Medically reviewed by Drugs.com on Dec 22, 2023. Written by ASHP.

Introduction

Acetylcholine, a direct-acting parasympathomimetic agent, is a miotic.

Acetylcholine Dosage and Administration

Administration

Acetylcholine chloride is administered only in solution by instillation into the anterior chamber of the eye to produce miosis during ophthalmic surgery. The drug should be reconstituted immediately before use by removing the protective cap from the commercially available two-chambered vial, giving the plunger-stopper a quarter turn and pressing to force the solvent and center rubber plug into the lower chamber, and shaking the vial gently to dissolve the solid. If the rubber plug cannot be forced down or is already in the lower chamber, or if the reconstituted solution is discolored or contains a precipitate, the vial should not be used. Reconstitution produces 2 mL of a solution containing 1% (1:100) acetylcholine chloride and 2.8% mannitol. After cleansing the plunger-stopper with 70% alcohol or other suitable germicide, the appropriate dose of acetylcholine chloride is drawn into a dry, sterile syringe with an 18- to 20-gauge needle; the needle is then replaced with a suitable atraumatic cannula for intraocular irrigation. Instillation should be gentle and parallel to the iris face and tangential to the pupil border; flushing of the solution from the anterior chamber after miosis occurs is not necessary because of the short duration of action of the drug. In cataract surgery, acetylcholine should be used only after delivery of the lens.

Dosage

The usual dose of acetylcholine chloride to produce miosis during surgery is 0.5–2 mL of the 1% injection (5–20 mg) instilled into the anterior chamber before or after securing one or more sutures. To maintain miosis, 2% pilocarpine or 0.25% physostigmine solution may be applied topically immediately after surgery before application of the dressing.

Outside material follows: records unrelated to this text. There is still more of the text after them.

(* For each $n$, let $Y_n$ and $\tilde Y_n$ be random variables taking values in the same countable set $\mathcal Y_n$. If $\lim_{n\to\infty}d(P_{Y_n},P_{\tilde Y_n})=0$, then $$\lim_{n\to\infty}L\Big(\log\tfrac{1}{P_{Y_n}(Y_n)},\ \log\tfrac{1}{P_{\tilde Y_n}(\tilde Y_n)}\Big)=0 .$$
   Context: Logarithms are natural. The variational distance is $d(P,Q)=\sum_a|P(a)-Q(a)|$. For real-valued random variables $U,V$, the Lévy distance is $$L(U,V)=\inf\{m>0:\ \forall x\in\mathbb R,\ \Pr\{U\le x-m\}-m\le\Pr\{V\le x\}\le \Pr\{U\le x+m\}+m\}.$$ *)

From Stdlib Require Import Reals Lra ClassicalEpsilon.
Open Scope R_scope.

(* A probability mass function on a countable set, the set being encoded
   (via an injection) as a subset of nat; points outside the image get mass 0. *)
Definition pmf (P : nat -> R) : Prop :=
  (forall y, 0 <= P y) /\ infinite_sum P 1.

Definition series_val (f : nat -> R) : R :=
  epsilon (inhabits 0) (fun l => infinite_sum f l).

Definition vardist (P Q : nat -> R) : R :=
  series_val (fun y => Rabs (P y - Q y)).

(* Pr{ log (1 / P(Y)) <= x } where Y ~ P *)
Definition prob_info_le (P : nat -> R) (x : R) : R :=
  series_val (fun y => if Rle_dec (ln (/ P y)) x then P y else 0).

Definition is_inf (S : R -> Prop) (l : R) : Prop :=
  (forall m, S m -> l <= m) /\ (forall b, (forall m, S m -> b <= m) -> b <= l).

(* Levy distance between log(1/P(Y)) (Y ~ P) and log(1/Q(Ytilde)) (Ytilde ~ Q) *)
Definition levy_set (P Q : nat -> R) (m : R) : Prop :=
  0 < m /\
  forall x : R,
    prob_info_le P (x - m) - m <= prob_info_le Q x /\
    prob_info_le Q x <= prob_info_le P (x + m) + m.

Definition levy_info (P Q : nat -> R) : R :=
  epsilon (inhabits 0) (fun l => is_inf (levy_set P Q) l).

From Stdlib Require Import Reals Lra ClassicalEpsilon.
Open Scope R_scope.

(* Write F_P(x) = Pr{log 1/P(Y) <= x} for Y ~ P.  For every
   m > 0 and every point y one has the pointwise estimate
     m * 1{log 1/Q(y) <= x} Q(y)
       <= m * 1{log 1/P(y) <= x + m} P(y) + (1 + m) |P(y) - Q(y)|,
   because when the first indicator fires and the second does not, the
   logarithms force Q(y) > e^m P(y) >= (1 + m) P(y).  Summing over y gives
   m F_Q(x) <= m F_P(x + m) + (1 + m) d(P,Q), and symmetrically with P and Q
   exchanged.  Hence as soon as (1 + m) d(P,Q) <= m^2, the number m belongs to
   the set defining the Levy distance, whose infimum then lies in [0, m].
   Given e > 0 we take m = e/2; since d(P_n,Q_n) -> 0 the condition
   (1 + m) d <= m^2 holds for all large n, so the Levy distance is < e. *)

Lemma series_val_eq (f : nat -> R) (l : R) : infinite_sum f l -> series_val f = l.
Proof.
  intros Hf. unfold series_val. apply (uniqueness_sum f); [|exact Hf].
  apply epsilon_spec. exists l; exact Hf.
Qed.

Lemma infinite_sum_dominated (a b : nat -> R) (lb : R) :
  (forall k, 0 <= a k <= b k) -> infinite_sum b lb -> exists la, infinite_sum a la.
Proof.
  intros Hab Hb. destruct (Rseries_CV_comp a b Hab (exist _ lb Hb)) as [la Hla].
  exists la; exact Hla.
Qed.

Lemma infinite_sum_le (a b : nat -> R) (la lb : R) :
  (forall k, a k <= b k) -> infinite_sum a la -> infinite_sum b lb -> la <= lb.
Proof.
  intros Hab Ha Hb. apply (@Rle_cv_lim (sum_f_R0 a) (sum_f_R0 b)); auto.
  intro n; apply sum_Rle; auto.
Qed.

Lemma infinite_sum_plus (a b : nat -> R) (la lb : R) :
  infinite_sum a la -> infinite_sum b lb ->
  infinite_sum (fun k => a k + b k) (la + lb).
Proof.
  intros Ha Hb. apply (Un_cv_ext (fun n => sum_f_R0 a n + sum_f_R0 b n)).
  - intro n; symmetry; apply plus_sum.
  - apply CV_plus; assumption.
Qed.

Lemma infinite_sum_scal (a : nat -> R) (c la : R) :
  infinite_sum a la -> infinite_sum (fun k => c * a k) (c * la).
Proof.
  intros Ha. apply (Un_cv_ext (fun n => c * sum_f_R0 a n)).
  - intro n. rewrite scal_sum.
    apply sum_eq; intros; apply Rmult_comm.
  - apply CV_mult; [|exact Ha].
    intros eps Heps; exists O; intros; unfold Rdist; rewrite Rminus_diag, Rabs_R0; lra.
Qed.

Lemma vardist_sum (P Q : nat -> R) :
  pmf P -> pmf Q -> infinite_sum (fun y => Rabs (P y - Q y)) (vardist P Q).
Proof.
  intros [HP0 HP1] [HQ0 HQ1].
  destruct (infinite_sum_dominated (fun y => Rabs (P y - Q y)) (fun y => P y + Q y)
              (1 + 1)) as [l Hl].
  - intro y. specialize (HP0 y); specialize (HQ0 y).
    split; [apply Rabs_pos | apply Rabs_le; lra].
  - apply infinite_sum_plus; assumption.
  - unfold vardist; rewrite (series_val_eq _ l Hl); exact Hl.
Qed.

Definition info_mass (P : nat -> R) (x : R) (y : nat) : R :=
  if Rle_dec (ln (/ P y)) x then P y else 0.

Lemma info_mass_bounds (P : nat -> R) (x : R) (y : nat) :
  0 <= P y -> 0 <= info_mass P x y <= P y.
Proof. intros; unfold info_mass; destruct Rle_dec; lra. Qed.

Lemma prob_info_le_sum (P : nat -> R) (x : R) :
  pmf P -> infinite_sum (info_mass P x) (prob_info_le P x).
Proof.
  intros [HP0 HP1].
  destruct (infinite_sum_dominated (info_mass P x) P 1) as [l Hl]; auto.
  - intro y; apply info_mass_bounds; auto.
  - unfold prob_info_le; fold (info_mass P x); rewrite (series_val_eq _ l Hl); exact Hl.
Qed.

(* If the information of p exceeds that of q by more than m > 0, then q is
   larger than p by a factor e^m > 1 + m. *)
Lemma info_gap (p q m : R) :
  0 < p -> 0 < q -> 0 < m -> ln (/ q) + m < ln (/ p) -> (1 + m) * p < q.
Proof.
  intros Hp Hq Hm Hgap. rewrite !ln_Rinv in Hgap by assumption.
  assert (Hexp : p * exp m < q).
  { rewrite <- (exp_ln p), <- (exp_ln q), <- exp_plus by assumption.
    apply exp_increasing; lra. }
  pose proof (exp_ineq1 m ltac:(lra)). nra.
Qed.

Lemma info_mass_shift (P Q : nat -> R) (m x : R) (y : nat) :
  0 < m -> 0 <= P y -> 0 <= Q y ->
  m * info_mass Q x y <= m * info_mass P (x + m) y + (1 + m) * Rabs (P y - Q y).
Proof.
  intros Hm HP HQ.
  pose proof (Rabs_pos (P y - Q y)) as Habs0.
  pose proof (Rle_abs (Q y - P y)) as Habs. rewrite Rabs_minus_sym in Habs.
  pose proof (info_mass_bounds P (x + m) y HP) as HmassP.
  unfold info_mass at 1. destruct (Rle_dec (ln (/ Q y)) x) as [HxQ|HxQ]; [|nra].
  unfold info_mass. destruct (Rle_dec (ln (/ P y)) (x + m)) as [HxP|HxP]; [nra|].
  destruct (Req_dec (P y) 0) as [HP0|HP0]; [nra|].
  destruct (Req_dec (Q y) 0) as [HQ0|HQ0]; [nra|].
  pose proof (info_gap (P y) (Q y) m ltac:(lra) ltac:(lra) Hm ltac:(lra)).
  nra.
Qed.

(* Summed estimate: m F_Q(x) <= m F_P(x + m) + (1 + m) V for any summable
   majorant D of |P - Q| with sum V (used with D = |P - Q| in both orders). *)
Lemma prob_info_shift (P Q D : nat -> R) (m x V : R) :
  pmf P -> pmf Q -> 0 < m ->
  (forall y, Rabs (P y - Q y) <= D y) -> infinite_sum D V ->
  m * prob_info_le Q x <= m * prob_info_le P (x + m) + (1 + m) * V.
Proof.
  intros HP HQ Hm HD HV.
  apply (infinite_sum_le (fun y => m * info_mass Q x y)
           (fun y => m * info_mass P (x + m) y + (1 + m) * D y)).
  - intro y. pose proof (info_mass_shift P Q m x y Hm (proj1 HP y) (proj1 HQ y)).
    specialize (HD y). nra.
  - apply infinite_sum_scal, prob_info_le_sum, HQ.
  - apply infinite_sum_plus; apply infinite_sum_scal; [apply prob_info_le_sum, HP|exact HV].
Qed.

Lemma levy_set_of_vardist (P Q : nat -> R) (m : R) :
  pmf P -> pmf Q -> 0 < m -> (1 + m) * vardist P Q <= m * m -> levy_set P Q m.
Proof.
  intros HP HQ Hm Hsmall. pose proof (vardist_sum P Q HP HQ) as HV.
  split; [exact Hm|]. intro x. split.
  - assert (Hshift : m * prob_info_le P (x - m)
                     <= m * prob_info_le Q (x - m + m) + (1 + m) * vardist P Q).
    { apply prob_info_shift with (D := fun y => Rabs (P y - Q y)); auto.
      intro y; rewrite Rabs_minus_sym; lra. }
    replace (x - m + m) with x in Hshift by ring. nra.
  - assert (Hshift : m * prob_info_le Q x
                     <= m * prob_info_le P (x + m) + (1 + m) * vardist P Q).
    { apply prob_info_shift with (D := fun y => Rabs (P y - Q y)); auto using Rle_refl. }
    nra.
Qed.

(* A nonempty set of nonnegative reals has an infimum (by completeness
   applied to the set of negatives). *)
Lemma is_inf_exists (S : R -> Prop) (m : R) :
  S m -> (forall z, S z -> 0 <= z) -> exists l, is_inf S l.
Proof.
  intros Hm Hpos.
  destruct (completeness (fun z => S (- z))) as [l [Hub Hlub]].
  - exists 0. intros z Hz. specialize (Hpos _ Hz). lra.
  - exists (- m). rewrite Ropp_involutive. exact Hm.
  - exists (- l). split.
    + intros k Hk. assert (- k <= l) by (apply Hub; rewrite Ropp_involutive; exact Hk).
      lra.
    + intros b Hb. assert (l <= - b); [|lra].
      apply Hlub. intros z Hz. specialize (Hb _ Hz). lra.
Qed.

Lemma levy_info_bounds (P Q : nat -> R) (m : R) :
  levy_set P Q m -> 0 <= levy_info P Q <= m.
Proof.
  intros Hm.
  assert (Hex : exists l, is_inf (levy_set P Q) l).
  { apply (is_inf_exists _ m Hm). intros z [Hz _]; lra. }
  destruct (epsilon_spec (inhabits 0) _ Hex) as [Hlow Hgreatest].
  fold (levy_info P Q) in Hlow, Hgreatest. split.
  - apply Hgreatest. intros k [Hk _]; lra.
  - apply Hlow, Hm.
Qed.

Theorem lemma4 (P Q : nat -> nat -> R)
  (hP : forall n, pmf (P n)) (hQ : forall n, pmf (Q n))
  (hd : Un_cv (fun n => vardist (P n) (Q n)) 0) :
  Un_cv (fun n => levy_info (P n) (Q n)) 0.
Proof.
  intros e He.
  set (m := e / 2).
  assert (Hm : 0 < m) by (unfold m; lra).
  assert (Hthreshold : 0 < m * m / (1 + m)) by (apply Rdiv_lt_0_compat; nra).
  destruct (hd _ Hthreshold) as [N HN]. exists N. intros n Hn.
  specialize (HN n Hn). unfold Rdist in HN |- *. rewrite Rminus_0_r in HN |- *.
  assert (Hsmall : (1 + m) * vardist (P n) (Q n) <= m * m).
  { pose proof (Rle_abs (vardist (P n) (Q n))).
    apply Rlt_le, (Rmult_lt_reg_r (/ (1 + m))); [apply Rinv_0_lt_compat; lra|].
    replace ((1 + m) * vardist (P n) (Q n) * / (1 + m)) with (vardist (P n) (Q n))
      by (field; lra).
    unfold Rdiv in HN; lra. }
  pose proof (levy_info_bounds _ _ _ (levy_set_of_vardist _ _ m (hP n) (hQ n) Hm Hsmall)).
  rewrite Rabs_right by lra. unfold m in *; lra.
Qed.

Cautions for Acetylcholine

The toxicity of intraocular acetylcholine is very low because of its rapid destruction; however, hypotension, bradycardia, flushing, breathing difficulties, and sweating have been reported rarely in patients receiving intraocular acetylcholine. Intraocular acetylcholine may rarely cause corneal edema, corneal clouding, and corneal decompensation. Iris atrophy may result with excessive concentrations of acetylcholine. Intraocular irrigation with the drug must be gentle; a forceful jet of solution may rupture the hyaloid, cause vitreous loss, or traumatize or cause perforation of the iris, especially if it is atrophic. Temporary lens opacities reportedly have occurred following instillation of acetylcholine chloride injection and were attributed to the osmotic effect of 5% mannitol which was present in the preparation administered.

Safety and efficacy of intraocular acetylcholine chloride in children have not been established.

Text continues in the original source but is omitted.